Our design differs to Linda's but we would certainly like to acknowledge her ideas. The design is based on mandalas. A mandala being a circle.Each mandala contains 7 circles within it and we have 7 mandalas ie 49 circles. The six outside circles of each mandala are for food production and the centre one contains a pond to attract beneficials  such as frogs, lizards and birds for pest control.

Each mandala is also surrounded by a number of fruit trees. Deciduous trees to the north so that they don't shade the garden in the winter and citrus to the south around the ponds.



We have built up the soil by continuously adding organic matter, mainly paddock slashings and we now have  a lovely rich friable soil in the oldest of the beds. We are now feeding 20 families a week with only half the beds in full production. By spring I would like to see that double.

A little look at what Mark has been up to today.

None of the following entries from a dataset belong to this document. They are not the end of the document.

Lemma cos_poly_mode_mul_mode (c a b : R) (k l : nat) :
  cos_poly c (fun t => a * cos_mode c k t * (b * cos_mode c l t)).
Proof.
  assert (Hle : forall a b k l, (l <= k)%nat ->
            cos_poly c (fun t => a * cos_mode c k t * (b * cos_mode c l t))).
  { clear; intros a b k l Hlk.
    apply (cos_poly_ext _ (fun t => (a * b / 2) * cos_mode c (k + l) t
                                    + (a * b / 2) * cos_mode c (k - l) t)).
    - constructor; constructor.
    - intros t; replace (a * cos_mode c k t * (b * cos_mode c l t))
        with (a * b * (cos_mode c k t * cos_mode c l t)) by ring.
      rewrite cos_mode_mul by exact Hlk; field. }
  destruct (Nat.le_ge_cases l k) as [Hlk|Hkl]; [now apply Hle|].
  apply (cos_poly_ext _ _ _ (Hle b a l k Hkl)); intros t; ring.
Qed.

Lemma cos_poly_mul_mode (c : R) (g : R -> R) : cos_poly c g ->
  forall a k, cos_poly c (fun t => a * cos_mode c k t * g t).
Proof.
  induction 1 as [b l|f g _ IHf _ IHg|f g _ IH Hfg]; intros a k.
  - apply cos_poly_mode_mul_mode.
  - apply (cos_poly_ext _ (fun t => a * cos_mode c k t * f t + a * cos_mode c k t * g t)).
    + constructor; auto.
    + intros; ring.
  - apply (cos_poly_ext _ _ _ (IH a k)); intros; now rewrite Hfg.
Qed.

Lemma cos_poly_mul (c : R) (f g : R -> R) :
  cos_poly c f -> cos_poly c g -> cos_poly c (fun t => f t * g t).
Proof.
  intros Hf Hg; induction Hf as [a k|f1 f2 _ IH1 _ IH2|f1 f2 _ IH Hfg].
  - now apply cos_poly_mul_mode.
  - apply (cos_poly_ext _ (fun t => f1 t * g t + f2 t * g t)); [now constructor|intros; ring].
  - apply (cos_poly_ext _ _ _ IH); intros; now rewrite Hfg.
Qed.

Lemma cos_poly_pow (c : R) (f : R -> R) (n : nat) :
  cos_poly c f -> cos_poly c (fun t => f t ^ n).
Proof.
  intros Hf; induction n as [|n IH].
  - apply (cos_poly_ext _ _ _ (cos_poly_const c 1)); reflexivity.
  - apply (cos_poly_ext _ _ _ (cos_poly_mul _ _ _ Hf IH)); reflexivity.
Qed.

Definition seq_mean (v : nat -> R) (f : R -> R) (N : nat) : R :=
  sumR (fun n => f (v n)) N / INR N.

Definition grid_mean (f : R -> R) (M : nat) : R :=
  sumR (fun j => f (INR j / INR M)) M / INR M.

Definition weyl_sums_vanish (v : nat -> R) : Prop :=
  forall k, (1 <= k)%nat ->
    Un_cv (fun N => Cmod (sumC (fun n => e2pi (INR k * v n)) N) / INR N) 0.

Lemma sin_telescope_cos_sum (th x : R) (M : nat) :
  2 * sin (x / 2) * sumR (fun j => cos (th + INR j * x)) M =
  sin (th + INR M * x - x / 2) - sin (th - x / 2).
Proof.
  induction M as [|M IH]; simpl sumR.
  - simpl; replace (th + 0 * x - x / 2) with (th - x / 2) by ring; ring.
  - rewrite Rmult_plus_distr_l, IH, S_INR.
    replace (th + (INR M + 1) * x - x / 2) with ((th + INR M * x) + x / 2) by field.
    replace (th + INR M * x - x / 2) with ((th + INR M * x) - x / 2) by ring.
    rewrite sin_plus, sin_minus; ring.
Qed.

Rhonda commented that there should be more farms like ours around. Indeed it is our intention to set ourselves up as a model for periurban food production and encourage more people with a an acre or so of land to grow food to distribute.We run Permaculture course and reskilling workshops here on our farm. We open up our farm for farm tours one day a month most months. We run workshops for a local council( not our own unfortunately) on backyard food production and natural pest control.We see that the availability of food will prove to be one of the biggest challenges we will face in the not to distant future and would like to help people in learning how to grow their own.

And every morning Mark makes sour dough bread. We use freshly ground wholewheat biodynamic flour.


"Sponge" warming on the fire

Flour added

mixing in flour

Kneading
We wait for it to rise then pop it in the oven
Oops! I forgot to take a photo before we ate it for lunch.

1 comment:

  1. We have had a go at establishing mandalas a la Linda in NZ & Gembrook (Vic). At present on 2 acres at Willow Tree & just stated on the other day. They are an incredible idea.